Chronic addictive drug use causes alterations in gene expression in the mesocorticolimbic projection. The most important transcription factors that produce these alterations are ΔFosB, cAMP response element binding protein (CREB), and nuclear factor kappa B (NF-κB). ΔFosB is the most significant biomolecular mechanism in addiction because the overexpression of ΔFosB in the D1-type medium spiny neurons in the nucleus accumbens is necessary and sufficient for many of the neural adaptations and behavioral effects (e.g., expression-dependent increases in drug self-administration and reward sensitization) seen in drug addiction. ΔFosB expression in nucleus accumbens D1-type medium spiny neurons directly and positively regulates drug self-administration and reward sensitization through positive reinforcement while decreasing sensitivity to aversion.[note 1] ΔFosB has been implicated in mediating addictions to many different drugs and drug classes, including alcohol, amphetamine and other substituted amphetamines, cannabinoids, cocaine, methylphenidate, nicotine, opiates, phenylcyclidine, and propofol, among others.ΔJunD, a transcription factor, and G9a, a histone methyltransferase, both oppose the function of ΔFosB and inhibit increases in its expression. Increases in nucleus accumbens ΔJunD expression (via viral vector-mediated gene transfer) or G9a expression (via pharmacological means) reduces, or with a large increase can even block, many of the neural and behavioral alterations that result from chronic high-dose use of addictive drugs (i.e., the alterations mediated by ΔFosB).
ΔFosB also plays an important role in regulating behavioral responses to natural rewards, such as palatable food, sex, and exercise.
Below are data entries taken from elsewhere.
Lemma tau_le_tau' v j : (tau v (q ^ (j - (val v).+1%:Z)) <= tau' v (Some j))%E.
Proof.
elim/ord_ltn_ind: v j => v IH j.
have [v0|v0] := eqVneq (val v) 0%N.
  by rewrite tau'_source // le_tau // ler_eXz2l // gerBl.
by apply: tau_le_tau'_nonsource => // e he j'; apply: IH; rewrite -(eqP he) tl_lt_hd.
Qed.

End Bounds.

Theorem lemma1 (R : realType) (n m : nat) (tl hd : 'I_m -> 'I_n)
    (len : 'I_m -> R)
    (Htop : forall e, (val (tl e) < val (hd e))%N)
    (Hsimple : injective (fun e => (tl e, hd e)))
    (eps : R) (Heps : 0 < eps) (i : 'I_n) (j : int)
    (Hij : (val i).+1%:Z <= j) :
  let q := (1 + eps) `^ (n.+1%:R)^-1 in
  (tau tl hd len i (q ^ (j - (val i).+1%:Z)) <= tau' tl hd len q i (Some j))%E /\
  (tau' tl hd len q i (Some j) <= tau tl hd len i (q ^ j))%E.
Proof.
move=> q; have q_gt0 : 0 < q by rewrite powR_gt0 // addr_gt0.
have q_gt1 : 1 < q.
  rewrite -[q]lnK ?posrE // expR_gt1 /q ln_powR mulr_gt0 ?invr_gt0 //.
  by rewrite ln_gt0 // ltrDl.
by split; [exact: tau_le_tau' | exact: tau'_le_tau].
Qed.
Lemma exists_root_of_mortal (M : tmodule) n v :
  vertex M v -> titer M n v = pt M -> exists r, vertex M r /\ tact M r = pt M.
Proof.
  revert v; induction n as [|n IH]; intros v Hv Hn; [exact (False_ind _ (Hv Hn))|].
  destruct (classic (tact M v = pt M)) as [E|E]; [exists v; auto|].
  apply (IH (tact M v) E). rewrite titer_Sr; exact Hn.
Qed.

Lemma type1_of_mortal_vertex (M : tmodule) v n :
  indecomposable M -> vertex M v -> titer M n v = pt M -> graph_type1 M.
Proof.
  intros Hind Hv Hn. destruct (exists_root_of_mortal M n v Hv Hn) as [r [Hr Htr]].
  exists r. split; [exact Hr|split; [exact Htr|]].
  intros w Hw. destruct (indecomposable_common_iterate M r w Hind Hr Hw) as [a [b [E Ea]]].
  destruct b as [|b].
  - exists a. repeat split; assumption.
  - exfalso. apply Ea. rewrite E, <- titer_Sr, Htr. apply titer_pt.
Qed.

Section ImmortalAperiodic.

Variable M : tmodule.
Hypothesis titer_vertex : forall v n, vertex M v -> vertex M (titer M n v).
Hypothesis no_periodic : forall v k, vertex M v -> 0 < k -> titer M k v <> v.
Variables (gens : list (car M)) (g0 : car M).
Hypothesis gens_span :
  forall m, m = pt M \/ exists g j, In g gens /\ m = act M (Some j) g.
Hypothesis g0_vertex : vertex M g0.

Lemma titer_inj v a b : vertex M v -> titer M a v = titer M b v -> a = b.
Proof.
  intros Hv. assert (Hlt : forall a b, a < b -> titer M a v <> titer M b v).
  { intros a' b' Hab E. apply (no_periodic (titer M a' v) (b' - a'));
      [apply titer_vertex; exact Hv|lia|].
    rewrite titer_add. replace (b' - a' + a') with b' by lia. symmetry; exact E. }
  intros E. destruct (Nat.lt_total a b) as [h|[h|h]]; [|exact h|];
    exfalso; [apply (Hlt a b)|apply (Hlt b a)]; auto.
Qed.
Fixpoint dtree_encode (t : dtree) : GenTree.tree (nat * color) :=
  let: DNode l c ch := t in GenTree.Node 0 (GenTree.Leaf (l, c) :: map dtree_encode ch).
Fixpoint dtree_decode (t : GenTree.tree (nat * color)) : option dtree :=
  if t is GenTree.Node _ (GenTree.Leaf (l, c) :: ts)
  then Some (DNode l c (pmap dtree_decode ts)) else None.
Lemma dtree_encodeK : pcancel dtree_encode dtree_decode.
Proof.
by apply: (dtree_nested_rect (Q := fun F => pmap dtree_decode (map dtree_encode F) = F))
  => [l c ch /= -> | | t F /= -> ->].
Qed.
HB.instance Definition _ := Equality.copy dtree (pcan_type dtree_encodeK).

Definition leaf := DNode 0 (Ord 0) [::].

Lemma leaf_canonical v : ~~ internal v ->
  (dlabel v == 0) && (if dcolor v is Ord 0 then true else false) = (v == leaf).
Proof.
case: v => l c [] // _; apply/idP/eqP => [| [-> ->] //].
by case: c => [[|?]|?] /=; rewrite ?andbF // andbT => /eqP ->.
Qed.

Lemma fvertices_cons t F : fvertices (t :: F) = subtrees t ++ fvertices F.
Proof. by []. Qed.

Lemma fvertices_cat F G : fvertices (F ++ G) = fvertices F ++ fvertices G.
Proof. by rewrite /fvertices map_cat flatten_cat. Qed.

Lemma fvertices_rot n F : perm_eq (fvertices (rot n F)) (fvertices F).
Proof. by rewrite /rot fvertices_cat perm_catC -fvertices_cat cat_take_drop. Qed.

Lemma size_subtrees t : size (subtrees t) = 1 + \sum_(v <- subtrees t) ddeg v.
Proof.
apply: (dtree_nested_rect
  (P := fun t => size (subtrees t) = 1 + \sum_(v <- subtrees t) ddeg v)
  (Q := fun F => size (fvertices F) = size F + \sum_(v <- fvertices F) ddeg v)).
- by move=> l c ch IH; rewrite /= big_cons -/(fvertices ch) IH.
- by rewrite big_nil.
- by move=> t' F Ht HF; rewrite fvertices_cons size_cat big_cat /= Ht HF; lia.
Qed.

Lemma size_fvertices F : size (fvertices F) = size F + \sum_(v <- fvertices F) ddeg v.
Proof.
by have /eqP := size_subtrees (DNode 0 (Ord 0) F); rewrite /= big_cons eqSS => /eqP.
Qed.

Definition labels (F : seq dtree) := map dlabel (filter internal (fvertices F)).

Lemma labels_cat F G : labels (F ++ G) = labels F ++ labels G.
Proof. by rewrite /labels fvertices_cat filter_cat map_cat. Qed.

Lemma labels_cons t F : labels (t :: F) = labels [:: t] ++ labels F.
Proof. by rewrite -labels_cat. Qed.

Lemma labels_node l c ch :
  labels [:: DNode l c ch] = if ch is [::] then [::] else l :: labels ch.
Proof. by rewrite /labels /= cats0; case: ch. Qed.

Lemma mem_labels m F : (m \in labels F) = has (fun t => m \in labels [:: t]) F.
Proof. by elim: F => [|t F IH] //; rewrite labels_cons mem_cat IH. Qed.

Lemma labels_rot n F : perm_eq (labels (rot n F)) (labels F).
Proof. exact/perm_map/perm_filter/fvertices_rot. Qed.

Lemma proper_node l c ch : Defs.proper (DNode l c ch) = all (leq l) (labels ch).
Proof. by rewrite /Defs.proper /labels all_map /=; case: ifP => //= _; rewrite leqnn. Qed.

Definition colors (k d : nat) (is_proper : bool) : seq color :=
  [seq Ord i | i <- iota 1 d] ++
  (if is_proper then [::] else [seq Spec i | i <- iota 1 k]).

Lemma color_okE k v : color_ok k v = (dcolor v \in colors k (ddeg v) (Defs.proper v)).
Proof.
have OS j s : (Ord j \in [seq Spec i | i <- s]) = false by apply/mapP => -[].
have SO j s : (Spec j \in [seq Ord i | i <- s]) = false by apply/mapP => -[].
rewrite /color_ok /colors mem_cat; case: (dcolor v) => j; case: Defs.proper;
  by rewrite /= ?(mem_map Ord_inj) ?(mem_map Spec_inj) ?mem_iota ?OS ?SO ?in_nil
             ?orbF ?andbF ?andbT.
Qed.

Lemma size_colors k d p : size (colors k d p) = d + (if p then 0 else k).
Proof.
by rewrite size_cat size_map size_iota; case: p; rewrite /= ?size_map ?size_iota.
Qed.

Lemma uniq_colors k d p : uniq (colors k d p).
Proof.
rewrite cat_uniq map_inj_uniq ?iota_uniq //; last exact: Ord_inj.
case: p => //=; rewrite map_inj_uniq ?iota_uniq ?andbT //; last exact: Spec_inj.
by apply/hasPn => _ /mapP [j _ ->]; apply/mapP => -[].
Qed.

Section WeightedForests.
Variables (k : nat) (w : nat -> nat).

Definition ok_vertex (v : dtree) : bool :=
  if internal v then (ddeg v == w (dlabel v)) && color_ok k v else v == leaf.

Definition wforest (L : seq nat) (l : nat) (F : seq dtree) : bool :=
  [&& all ok_vertex (fvertices F), perm_eq (labels F) L & size F == l].

Definition marked (L : seq nat) (l m j : nat) (F : seq dtree) : bool :=
  wforest L l F && (m \in labels (take j F)).

Lemma marked_full L l m F : m \in L -> marked L l m l F = wforest L l F.
Proof.
move=> mL; rewrite /marked; case wF: wforest => //=.
by case/and3P: wF => _ labF /eqP <-; rewrite take_size (perm_mem labF).
Qed.

Lemma wforest_rot L l n F : wforest L l (rot n F) = wforest L l F.
Proof.
by rewrite /wforest size_rot (perm_all _ (fvertices_rot n F)) (permPl (labels_rot n F)).
Qed.

Lemma wforest_nil l F : wforest [::] l F = (F == nseq l leaf).
Proof.
apply/idP/eqP => [/and3P [okF /perm_nilP noint /eqP <-] | ->].
  apply/all_pred1P/allP => t tF; have tV : t \in fvertices F.
    apply/flattenP; exists (subtrees t); first exact: map_f.
    by case: t {tF} => ? ? ?; rewrite inE eqxx.
  move/allP/(_ t tV): okF; rewrite /ok_vertex; case: ifP => // tint.
  suff : dlabel t \in labels F by rewrite noint.
  by apply: map_f; rewrite mem_filter tint.
have fvF : fvertices (nseq l leaf) = nseq l leaf.
  by elim: l => // l IH; rewrite /= fvertices_cons IH.
by rewrite /wforest {}fvF size_nseq /labels all_nseq /= eqxx orbT; elim: l.
Qed.

Section Rotation.
Variables (L : seq nat) (l m : nat).
Hypothesis uL : uniq L.
Local Notation has_m := (fun t => m \in labels [:: t]).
Natural rewards, like drugs of abuse, induce gene expression of ΔFosB in the nucleus accumbens, and chronic acquisition of these rewards can result in a similar pathological addictive state through ΔFosB overexpression. Consequently, ΔFosB is the key transcription factor involved in addictions to natural rewards (i.e., behavioral addictions) as well; in particular, ΔFosB in the nucleus accumbens is critical for the reinforcing effects of sexual reward. Research on the interaction between natural and drug rewards suggests that dopaminergic psychostimulants (e.g., amphetamine) and sexual behavior act on similar biomolecular mechanisms to induce ΔFosB in the nucleus accumbens and possess bidirectional cross-sensitization effects that are mediated through ΔFosB. This phenomenon is notable since, in humans, a dopamine dysregulation syndrome, characterized by drug-induced compulsive engagement in natural rewards (specifically, sexual activity, shopping, and gambling), has also been observed in some individuals taking dopaminergic medications.
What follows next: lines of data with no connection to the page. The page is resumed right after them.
Lemma continuous_meridian_int a p : continuous (meridian_int a) p.
Proof.
  apply (continuous_RInt_param (fun y t => meridian a y t)); [pose proof PI_RGT_0; lra| |].
  { intros; apply ex_RInt_meridian. }
  intros e He. destruct (unif_continuous_zonal g g_cont e He) as [d [Hd H]].
  exists d. split; auto. intros y t Hy Ht. unfold meridian.
  rewrite <- Rmult_minus_distr_r, Rabs_mult.
  specialize (H a t y a p). rewrite Rminus_eq_0, Rabs_R0 in H.
  pose proof (H Hd Hy). pose proof (Rabs_sin_le_1 t). pose proof (Rabs_pos (sin t)).
  pose proof (Rabs_pos (g (zonal_cos a t y) - g (zonal_cos a t p))). nra.
Qed.

Lemma ex_RInt_meridian_int a b c : ex_RInt (meridian_int a) b c.
Proof. apply ex_RInt_continuous_R. intros; apply continuous_meridian_int. Qed.

Lemma meridian_int_periodic a p : meridian_int a (p + 2 * PI) = meridian_int a p.
Proof.
  apply RInt_ext. intros x _. unfold meridian, zonal_cos.
  rewrite cos_plus, cos_2PI, sin_2PI. f_equal. f_equal. ring.
Qed.

End Meridian.

Section Rotation.
Variables g g' : R -> R.
Hypothesis g_deriv : forall x, is_derive g x (g' x).
Hypothesis g'_cont : forall x, continuous g' x.

Let g_cont x : continuous g x.
Proof. apply ex_derive_continuous_R. eexists. apply g_deriv. Qed.

Definition meridian_da a p t := g' (zonal_cos a t p) * zonal_cos_da a t p * sin t.
Definition meridian_int_da a p := RInt (meridian_da a p) 0 PI.

Lemma ex_RInt_meridian_da a p b c : ex_RInt (meridian_da a p) b c.
Proof.
  apply ex_RInt_continuous_R. intros t _. unfold meridian_da, zonal_cos_da.
  unfold zonal_cos; continuity_R.
Qed.

Lemma meridian_is_derive a p t : is_derive (fun u => meridian g u p t) a (meridian_da a p t).
Proof.
  unfold meridian, meridian_da.
  assert (HS : is_derive (fun u => zonal_cos u t p) a (zonal_cos_da a t p)).
  { unfold zonal_cos, zonal_cos_da. auto_derive; auto. ring. }
  eapply is_derive_eq.
  - apply is_derive_Rmult; [|apply is_derive_const].
    exact (is_derive_Rcomp _ g a _ _ HS (g_deriv _)).
  - ring_R.
Qed.

Lemma continuity_2d_pt_meridian_da p a0 t0 :
  continuity_2d_pt (fun u v => meridian_da u p v) a0 t0.
Proof. unfold meridian_da, zonal_cos, zonal_cos_da. continuity_2d. Qed.

Lemma meridian_int_is_derive a p :
  is_derive (fun u => meridian_int g u p) a (meridian_int_da a p).
Proof.
  apply (is_derive_RInt_param_R (fun u t => meridian g u p t) (fun u t => meridian_da u p t)).
  - intros; apply meridian_is_derive.
  - intros; apply continuity_2d_pt_meridian_da.
  - intros; apply ex_RInt_meridian, g_cont.
Qed.

Lemma meridian_da_unif_close a p e : 0 < e -> exists d, 0 < d /\ forall x y t,
  Rabs (x - a) < d -> Rabs (y - p) < d -> Rabs (meridian_da x y t - meridian_da a p t) <= e.
Proof.
  intros He.
  destruct (bounded_segment g' (-1) 1) as [M HM]; [lra | intros; auto|].
  assert (HM0 : 0 <= M) by (eapply Rle_trans; [apply Rabs_pos | apply (HM 0); lra]).
  destruct (unif_continuous_zonal g' g'_cont (e / 2)) as [d1 [Hd1 H1]]; [lra|].
  set (d2 := e / (6 * (M + 1))).
  assert (Hd2 : 0 < d2) by (apply Rdiv_lt_0_compat; lra).
  assert (HMd2 : M * (3 * d2) <= e / 2).
  { apply Rle_trans with ((M + 1) * (3 * d2)); [nra|]. right. unfold d2. field. lra. }
  exists (Rmin d1 d2). split; [apply Rmin_pos; auto|].
  intros x y t Hx Hy. pose proof (Rmin_l d1 d2). pose proof (Rmin_r d1 d2).
  specialize (H1 x t y a p ltac:(lra) ltac:(lra)).
  pose proof (Rabs_zonal_cos_sub_le (x + PI / 2) t y (a + PI / 2) p) as HL.
  replace (x + PI / 2 - (a + PI / 2)) with (x - a) in HL by ring.
  rewrite <- !zonal_cos_da_shift in HL.
  assert (HB : Rabs (zonal_cos_da x t y) <= 1)
    by (rewrite zonal_cos_da_shift; apply Rabs_le, zonal_cos_bound).
  pose proof (HM _ (zonal_cos_bound a t p)) as HMS.
  assert (Hprod : Rabs (g' (zonal_cos x t y) * zonal_cos_da x t y
                        - g' (zonal_cos a t p) * zonal_cos_da a t p) <= e).
  { eapply Rle_trans; [apply Rabs_Rmult_sub_le|].
    pose proof (Rabs_pos (g' (zonal_cos x t y) - g' (zonal_cos a t p))).
    pose proof (Rabs_pos (zonal_cos_da x t y - zonal_cos_da a t p)).
    assert (Rabs (g' (zonal_cos x t y) - g' (zonal_cos a t p)) * Rabs (zonal_cos_da x t y)
            <= e / 2) by (apply Rle_trans with (e / 2 * 1);
                         [apply Rmult_le_compat; try apply Rabs_pos; lra | lra]).
    assert (Rabs (g' (zonal_cos a t p)) * Rabs (zonal_cos_da x t y - zonal_cos_da a t p)
            <= M * (3 * d2)) by (apply Rmult_le_compat; try apply Rabs_pos; lra).
    lra. }
  unfold meridian_da. rewrite <- Rmult_minus_distr_r, Rabs_mult.
  apply Rle_trans with (e * 1); [|lra].
  apply Rmult_le_compat; auto using Rabs_pos, Rabs_sin_le_1.
Qed.

Lemma continuity_2d_pt_meridian_int_da a p : continuity_2d_pt meridian_int_da a p.
Proof.
  apply (continuity_2d_pt_RInt_param meridian_da); [pose proof PI_RGT_0; lra | |].
  - intros; apply ex_RInt_meridian_da.
  - intros e He. destruct (meridian_da_unif_close a p e He) as [d [Hd H]].
    exists d. split; auto.
Qed.

Lemma tilted_int_is_derive a :
  is_derive (tilted_int g) a (RInt (meridian_int_da a) 0 (2 * PI)).
Proof.
  apply (is_derive_RInt_param_R (fun u p => meridian_int g u p) meridian_int_da).
  - intros; apply meridian_int_is_derive.
  - intros; apply continuity_2d_pt_meridian_int_da.
  - intros; apply ex_RInt_meridian_int, g_cont.
Qed.

Definition polar_flux a p t := sin t * cos p * g (zonal_cos a t p).
Definition polar_flux_dt a p t := cos t * cos p * g (zonal_cos a t p)
  + sin t * cos p * (g' (zonal_cos a t p) * (sin a * cos t * cos p - cos a * sin t)).
Definition azimuthal_flux a p t := cos t * sin p * g (zonal_cos a t p).
Definition azimuthal_flux_dp a p t := cos t * cos p * g (zonal_cos a t p)
  + cos t * sin p * (g' (zonal_cos a t p) * - (sin a * sin t * sin p)).

(* The [a]-derivative of the integrand is a divergence in the coordinates [(t, p)]:
   tilting the pole is an infinitesimal rotation, a divergence-free vector field on the sphere. *)
Lemma meridian_da_divergence a p t :
  meridian_da a p t = azimuthal_flux_dp a p t - polar_flux_dt a p t.
Proof.
  unfold meridian_da, azimuthal_flux_dp, polar_flux_dt, zonal_cos_da.
  apply Rminus_diag_uniq.
  transitivity (g' (zonal_cos a t p) * sin a * sin t * cos t
                * (sin p * sin p + cos p * cos p - 1)); [ring|].
  pose proof (sin2_cos2 p) as Hp. unfold Rsqr in Hp. rewrite Hp. ring.
Qed.

Lemma polar_flux_is_derive a p t :
  is_derive (fun t => polar_flux a p t) t (polar_flux_dt a p t).
Proof.
  unfold polar_flux, polar_flux_dt.
  assert (HS : is_derive (fun t => zonal_cos a t p) t (sin a * cos t * cos p - cos a * sin t)).
  { unfold zonal_cos. auto_derive; auto. ring. }
  eapply is_derive_eq.
  - apply is_derive_Rmult; [|exact (is_derive_Rcomp _ g t _ _ HS (g_deriv _))].
    auto_derive; auto.
  - ring_R.
Qed.

Lemma azimuthal_flux_is_derive a p t :
  is_derive (fun p => azimuthal_flux a p t) p (azimuthal_flux_dp a p t).
Proof.
  unfold azimuthal_flux, azimuthal_flux_dp.
  assert (HS : is_derive (fun p => zonal_cos a t p) p (- (sin a * sin t * sin p))).
  { unfold zonal_cos. auto_derive; auto. ring. }
  eapply is_derive_eq.
  - apply is_derive_Rmult; [|exact (is_derive_Rcomp _ g p _ _ HS (g_deriv _))].
    auto_derive; auto.
  - ring_R.
Qed.

Lemma meridian_int_da_azimuthal a p :
  meridian_int_da a p = RInt (azimuthal_flux_dp a p) 0 PI.
Proof.
  assert (ExB : ex_RInt (azimuthal_flux_dp a p) 0 PI).
  { apply ex_RInt_continuous_R. intros z _. unfold azimuthal_flux_dp.
    unfold zonal_cos; continuity_R. }
  assert (ExA : ex_RInt (polar_flux_dt a p) 0 PI).
  { apply ex_RInt_continuous_R. intros z _. unfold polar_flux_dt.
    unfold zonal_cos; continuity_R. }
  assert (HA : RInt (polar_flux_dt a p) 0 PI = 0).
  { rewrite (RInt_is_derive_R (polar_flux a p)).
    - unfold polar_flux. rewrite sin_PI, sin_0. ring_R.
    - intros; apply polar_flux_is_derive.
    - intros; unfold polar_flux_dt.
      unfold zonal_cos; continuity_R. }
  unfold meridian_int_da. rewrite (RInt_ext _ _ _ _ (fun t _ => meridian_da_divergence a p t)).
  rewrite (RInt_Rminus _ _ _ _ ExB ExA), HA. ring_R.
Qed.

Lemma azimuthal_flux_int_is_derive a p :
  is_derive (fun p => RInt (azimuthal_flux a p) 0 PI) p (meridian_int_da a p).
Proof.
  rewrite meridian_int_da_azimuthal.
  apply (is_derive_RInt_param_R (fun u t => azimuthal_flux a u t)
                                (fun u t => azimuthal_flux_dp a u t)).
  - intros; apply azimuthal_flux_is_derive.
  - intros; unfold azimuthal_flux_dp, zonal_cos. continuity_2d.
  - intros; apply ex_RInt_continuous_R. intros; unfold azimuthal_flux, zonal_cos. continuity_R.
Qed.

Lemma RInt_meridian_int_da a : RInt (meridian_int_da a) 0 (2 * PI) = 0.
Proof.
  rewrite (RInt_is_derive_R (fun p => RInt (azimuthal_flux a p) 0 PI)).
  - assert (Z : forall q, sin q = 0 -> RInt (azimuthal_flux a q) 0 PI = 0).
    { intros q Hq. rewrite (RInt_ext _ (fun _ => 0)), RInt_const; [apply Rmult_0_r|].
      intros x _. unfold azimuthal_flux. rewrite Hq. ring_R. }
    rewrite !Z; [ring_R | apply sin_0 | apply sin_2PI].
  - intros; apply azimuthal_flux_int_is_derive.
  - intros p _. apply continuity_2d_pt_continuous_2, continuity_2d_pt_meridian_int_da.
Qed.

Lemma tilted_int_invariant a : tilted_int g a = tilted_int g 0.
Proof.
  destruct (MVT_gen (tilted_int g) 0 a (fun _ => 0)) as [c [_ Hc]]; [| |lra].
  - intros x _. eapply is_derive_eq; [apply tilted_int_is_derive | apply RInt_meridian_int_da].
  - intros x _. apply continuity_pt_filterlim, ex_derive_continuous_R.
    eexists. apply tilted_int_is_derive.
Qed.

End Rotation.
The release of dopamine in the nucleus accumbens plays a role in the reinforcing qualities of many forms of stimuli, including naturally reinforcing stimuli like palatable food and sex. Altered dopamine neurotransmission is frequently observed following the development of an addictive state. In humans and lab animals that have developed an addiction, alterations in dopamine or opioid neurotransmission in the nucleus accumbens and other parts of the striatum are evident. Studies have found that use of certain drugs (e.g., cocaine) affect cholinergic neurons that innervate the reward system, in turn affecting dopamine signaling in this region.
This section needs expansion. You can help by adding to it. (August 2015)
ΔFosB accumulation from excessive drug use
Understanding the pathways in which drugs act and how drugs can alter those pathways is key when examining the biological basis of drug addiction. The reward pathway, known as the mesolimbic pathway, or its extension, the mesocorticolimbic pathway, is characterized by the interaction of several areas of the brain.
- The projections from the ventral tegmental area (VTA) are a network of dopaminergic neurons with co-localized postsynaptic glutamate receptors (AMPAR and NMDAR). These cells respond when stimuli indicative of a reward are present. The VTA supports learning and sensitization development and releases DA into the forebrain. These neurons also project and release DA into the nucleus accumbens, through the mesolimbic pathway. Virtually all drugs causing drug addiction increase the dopamine release in the mesolimbic pathway, in addition to their specific effects.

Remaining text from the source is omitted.